El Derecho colaborativo en México

El Derecho colaborativo en México

 

Es necesario tener una idea clara del concepto de Derecho colaborativo —la rama del Derecho que estudia, estructura y desarrolla el proceso colaborativo de resolución de controversias—, así como de la forma en que ha sido introducido en México y las aportaciones recientes del modelo mexicano.

  

Tras años de intensos, largos y costosos (tanto económica como emocionalmente) litigios, algunos abogados reflexionaron sobre la idoneidad del proceso colaborativo de resolución de controversias para solucionar problemas de familia.

Fue así como el abogado Stu Webb en Minnesota ideó la posibilidad de generar un “acuerdo colaborativo” que implicaba que ambas partes se asesoraran por abogados que quisieran llegar a acuerdos evitando el litigio. Con un grupo de apenas 10 abogados la práctica del Derecho colaborativo había comenzado.

Las dificultades no se hicieron esperar; entre ellas, el rechazo contundente de aquellos profesionales que se beneficiaban de los litigios interminables.

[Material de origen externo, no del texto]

Lemma Ble_Bneg (b a : B) : Batom b -> (Ble b (Bneg a) <-> ~ Ble b a).
Proof. intros [-> | ->]; unfold Ble; destruct a; simpl; intuition congruence. Qed.

Lemma Ble_Bimp (b a c : B) : Batom b -> (Ble b (Bimp a c) <-> (Ble b a -> Ble b c)).
Proof. intros [-> | ->]; unfold Ble; destruct a, c; simpl; intuition congruence. Qed.

Lemma Ble_Bsup (b : B) (S : B -> Prop) :
  Batom b -> (Ble b (Bsup S) <-> exists c, S c /\ Ble b c).
Proof.
  unfold Bsup; intros [-> | ->].
  - rewrite Ble_Btt, geTT_mkB, dec_true; setoid_rewrite Ble_Btt; reflexivity.
  - rewrite Ble_Bff, geFF_mkB, dec_true; setoid_rewrite Ble_Bff; reflexivity.
Qed.

Lemma Ble_Binf (b : B) (S : B -> Prop) :
  Batom b -> (Ble b (Binf S) <-> forall c, S c -> Ble b c).
Proof.
  unfold Binf; intros [-> | ->].
  - rewrite Ble_Btt, geTT_mkB, dec_true; setoid_rewrite Ble_Btt; reflexivity.
  - rewrite Ble_Bff, geFF_mkB, dec_true; setoid_rewrite Ble_Bff; reflexivity.
Qed.

Lemma B1_of_atoms (a : B) : Ble Btt a -> Ble Bff a -> a = B1.
Proof. destruct a; unfold Ble; simpl; intuition discriminate. Qed.

Section SpecializationOrder.

Variables (X : Type) (tau : (X -> B) -> Prop).

Lemma Ble_Omega (b : B) (x y : X) : Batom b ->
  (Ble b (Omega tau x y) <-> forall l, tau l -> level l b x -> level l b y).
Proof.
  intros Hb; unfold Omega; rewrite (Ble_Binf _ Hb); split.
  - intros H l Hl; apply (Ble_Bimp _ _ Hb), H; eauto.
  - intros H c (l & Hl & ->); apply (Ble_Bimp _ _ Hb), H; auto.
Qed.

Lemma Omega_refl (b : B) (x : X) : Batom b -> Ble b (Omega tau x x).
Proof. intros Hb; apply (Ble_Omega _ _ Hb); auto. Qed.

Lemma Omega_eq_B1 (x y : X) :
  (forall l b, tau l -> Batom b -> level l b x -> level l b y) -> Omega tau x y = B1.
Proof.
  intros H; apply B1_of_atoms; apply Ble_Omega;
    [left | intros l Hl | right | intros l Hl]; auto; apply H; auto; red; auto.
Qed.

End SpecializationOrder.

Section Levels.

Variable Y : Type.

Lemma level_B1 (b : B) : level (fun _ : Y => B1) b = fun _ => True.
Proof. apply pred_ext; intros y; split; intros _; [exact I | apply Ble_B1]. Qed.

Lemma level_Bmeet (m n : Y -> B) (b : B) :
  level (fun y => Bmeet (m y) (n y)) b = fun y => level m b y /\ level n b y.
Proof. apply pred_ext; intros y; apply Ble_Bmeet. Qed.

Lemma level_Bsup (F : (Y -> B) -> Prop) (b : B) : Batom b ->
  level (fun y => Bsup (fun c => exists m, F m /\ c = m y)) b =
  fun y => exists U, (exists m, F m /\ U = level m b) /\ U y.
Proof.
  intros Hb; apply pred_ext; intros y; unfold level; rewrite (Ble_Bsup _ Hb); split.
  - intros (c & (m & Fm & ->) & Hc); exists (level m b); eauto.
  - intros (U & (m & Fm & ->) & Hm); eauto.
Qed.

Lemma Btop_is_Btopology (t1 t2 : (Y -> Prop) -> Prop) :
  is_topology t1 -> is_topology t2 -> is_Btopology (Btop t1 t2).
Proof.
  intros (T1 & I1 & U1) (T2 & I2 & U2); split; [|split].
  - split; rewrite level_B1; [apply T1 | apply T2].
  - intros m n [Hm1 Hm2] [Hn1 Hn2]; split; rewrite level_Bmeet; auto.
  - intros F HF; split; rewrite level_Bsup by (red; auto);
      [apply U1 | apply U2]; intros U (m & Fm & ->); apply HF; auto.
Qed.

End Levels.

Section RectangleTopology.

El principal reto de los colaborativos fue saber detectar su mas importante obstáculo: es indispensable que los abogados colaborativos se comprometan a no ser abogados patronos ni intervenir en el litigio en caso de no lograr un acuerdo. Este compromiso es conocido como collaborative commitment o bien “acuerdo de abandono”.1 En sus orígenes este trato no era indispensable, y con la práctica se concluyó que era una característica esencial del “proceso colaborativo”.

Como mencioné, este proceso abrió brecha en el Derecho familiar; sin embargo, se ha ido expandiendo a las demás áreas del Derecho.

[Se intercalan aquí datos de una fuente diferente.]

(* In the setting below, if there is a subinterval $[t_1,t_2]\subset(0,1]$ with $t_1<t_2$ on which $Z_1(t)$ stays on one of the coordinate axes, then both $Z_1(t)$ and $Z_2(t)$ stay on the coordinate axes (each on an axis) for all $t\in(0,1]$.
   Context: Planar three-body problem with masses $m_1=m_2=m_3=1$, $\chi=\{q=(q_1,q_2,q_3)\in(\mathbb{R}^2)^3: q_1+q_2+q_3=0\}$, action $\mathcal{A}(q)=\int_0^1\big(\tfrac12\sum|\dot q_i|^2+\sum_{i<j}\frac{1}{|q_i-q_j|}\big)dt$. Let $Q_{S_4}=\{q: q_1=q_2=(-a_2,0),\ q_3=(2a_2,0),\ a_2\ge0\}$ and $Q_{E_1}=\{q: q_1=(0,-2b_1),\ q_2=(-b_2,b_1),\ q_3=(b_2,b_1),\ b_1,b_2\in\mathbb{R}\}$. Let $q$ minimize $\mathcal{A}$ over $\{q\in H^1([0,1],\chi): q(0)\in Q_{S_4},\ q(1)\in Q_{E_1}\}$; it is collision-free for $t\in(0,1]$ and there satisfies Newton's equations $\ddot q_i=\sum_{j\ne i}\frac{q_j-q_i}{|q_j-q_i|^3}$. Jacobi coordinates: $Z_1=q_1-q_2$, $Z_2=q_3-\frac{q_1+q_2}{2}$. *)

From HB Require Import structures.
From mathcomp Require Import all_boot all_order all_algebra.
From mathcomp Require Import all_classical all_reals all_analysis.
Set Implicit Arguments. Unset Strict Implicit. Unset Printing Implicit Defensive.
Import Order.TTheory GRing.Theory Num.Theory.
Import numFieldNormedType.Exports.
Local Open Scope classical_set_scope.
Local Open Scope ring_scope.

Section ThreeBody.
Variable R : realType.

Definition pt := (R * R)%type.
Definition psub (a b : pt) : pt := (a.1 - b.1, a.2 - b.2).
Definition normsq (a : pt) : R := a.1 ^+ 2 + a.2 ^+ 2.
Definition dist (a b : pt) : R := Num.sqrt (normsq (psub a b)).

(* scalar H^1([0,1]) function f with weak derivative g (g in L^2(0,1)) *)
Definition H1fun (f g : R -> R) : Prop :=
  measurable_fun `[(0%R:R), (1%R:R)]%classic g /\
  (\int[@lebesgue_measure R]_(x in `[(0%R:R), (1%R:R)]%classic) ((g x) ^+ 2)%R%:E < +oo)%E /\
  forall t, 0 <= t <= 1 ->
    (f t)%:E = ((f (0%R:R))%:E + \int[@lebesgue_measure R]_(x in `[(0%R:R), t]%classic) (g x)%:E)%E.

Definition H1pt (q v : R -> pt) : Prop :=
  H1fun (fun t => (q t).1) (fun t => (v t).1) /\
  H1fun (fun t => (q t).2) (fun t => (v t).2).

Definition pot (a b : pt) : \bar R :=
  if dist a b == 0 then +oo%E else ((dist a b)^-1)%:E.

(* Lagrangian (masses 1) *)
Definition lagr (a1 a2 a3 w1 w2 w3 : pt) : \bar R :=
  ((2^-1 * (normsq w1 + normsq w2 + normsq w3))%:E
   + pot a1 a2 + pot a1 a3 + pot a2 a3)%E.

Definition action (q1 q2 q3 v1 v2 v3 : R -> pt) : \bar R :=
  \int[@lebesgue_measure R]_(t in `[(0%R:R), (1%R:R)]%classic)
     lagr (q1 t) (q2 t) (q3 t) (v1 t) (v2 t) (v3 t).

Definition in_chi (a1 a2 a3 : pt) : Prop :=
  a1.1 + a2.1 + a3.1 = 0 /\ a1.2 + a2.2 + a3.2 = 0.

Definition in_QS4 (a1 a2 a3 : pt) : Prop :=
  exists c : R, 0 <= c /\ a1 = (- c, 0) /\ a2 = (- c, 0) /\ a3 = (2 * c, 0).

Definition in_QE1 (a1 a2 a3 : pt) : Prop :=
  exists b1 b2 : R, a1 = (0, - (2 * b1)) /\ a2 = (- b2, b1) /\ a3 = (b2, b1).

(* admissible paths: H^1([0,1], chi) with q(0) in Q_{S_4}, q(1) in Q_{E_1};
   v1 v2 v3 are (representatives of) the weak derivatives *)
Definition admissible (q1 q2 q3 v1 v2 v3 : R -> pt) : Prop :=
  H1pt q1 v1 /\ H1pt q2 v2 /\ H1pt q3 v3 /\
  (forall t, 0 <= t <= 1 -> in_chi (q1 t) (q2 t) (q3 t)) /\
  in_QS4 (q1 0) (q2 0) (q3 0) /\ in_QE1 (q1 1) (q2 1) (q3 1).

Definition action_minimizer (q1 q2 q3 : R -> pt) : Prop :=
  exists v1 v2 v3, admissible q1 q2 q3 v1 v2 v3 /\
    forall p1 p2 p3 w1 w2 w3, admissible p1 p2 p3 w1 w2 w3 ->
      (action q1 q2 q3 v1 v2 v3 <= action p1 p2 p3 w1 w2 w3)%E.

Definition acc (a b c : pt) : pt :=
  ((b.1 - a.1) / (dist a b) ^+ 3 + (c.1 - a.1) / (dist a c) ^+ 3,
   (b.2 - a.2) / (dist a b) ^+ 3 + (c.2 - a.2) / (dist a c) ^+ 3).

Definition second_deriv_at (f : R -> R) (t F : R) : Prop :=
  derivable f t 1 /\ derivable (derive1 f) t 1 /\ derive1 (derive1 f) t = F.

Definition newton_at (q : R -> pt) (F : pt) (t : R) : Prop :=
  second_deriv_at (fun s => (q s).1) t F.1 /\
  second_deriv_at (fun s => (q s).2) t F.2.

Definition newton (q1 q2 q3 : R -> pt) (t : R) : Prop :=
  newton_at q1 (acc (q1 t) (q2 t) (q3 t)) t /\
  newton_at q2 (acc (q2 t) (q1 t) (q3 t)) t /\
  newton_at q3 (acc (q3 t) (q1 t) (q2 t)) t.

Definition collision_free_at (q1 q2 q3 : R -> pt) (t : R) : Prop :=
  q1 t <> q2 t /\ q1 t <> q3 t /\ q2 t <> q3 t.

Definition Z1 (q1 q2 : R -> pt) (t : R) : pt := psub (q1 t) (q2 t).
Definition Z2 (q1 q2 q3 : R -> pt) (t : R) : pt :=
  ((q3 t).1 - ((q1 t).1 + (q2 t).1) / 2, (q3 t).2 - ((q1 t).2 + (q2 t).2) / 2).

Definition stays_on_axis (z : R -> pt) (P : R -> Prop) : Prop :=
  (forall t, P t -> (z t).2 = 0) \/ (forall t, P t -> (z t).1 = 0).

End ThreeBody.

From HB Require Import structures.
From mathcomp Require Import all_boot all_order all_algebra.
From mathcomp Require Import all_classical all_reals all_analysis.
From mathcomp Require Import ring lra.
Import Order.TTheory GRing.Theory Num.Theory.
Import numFieldNormedType.Exports measurable_realfun.
Local Open Scope classical_set_scope.
Local Open Scope ring_scope.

Los abogados colaborativos han encontrado que sus clientes gastan menos tiempo, menos dinero, mucha menos energía y tienen un menor desgaste emocional. Además, han detectado un importante remanente de este proceso: las partes en conflicto pueden rescatar sus relaciones personales o, por lo menos, salir menos dañados. Como su nombre lo indica, es un proceso en el que todos los involucrados colaboran, es decir, se esfuerzan por escucharse y crear juntos una solución benéfica, estando las partes asesoradas y acompañadas por sus abogados.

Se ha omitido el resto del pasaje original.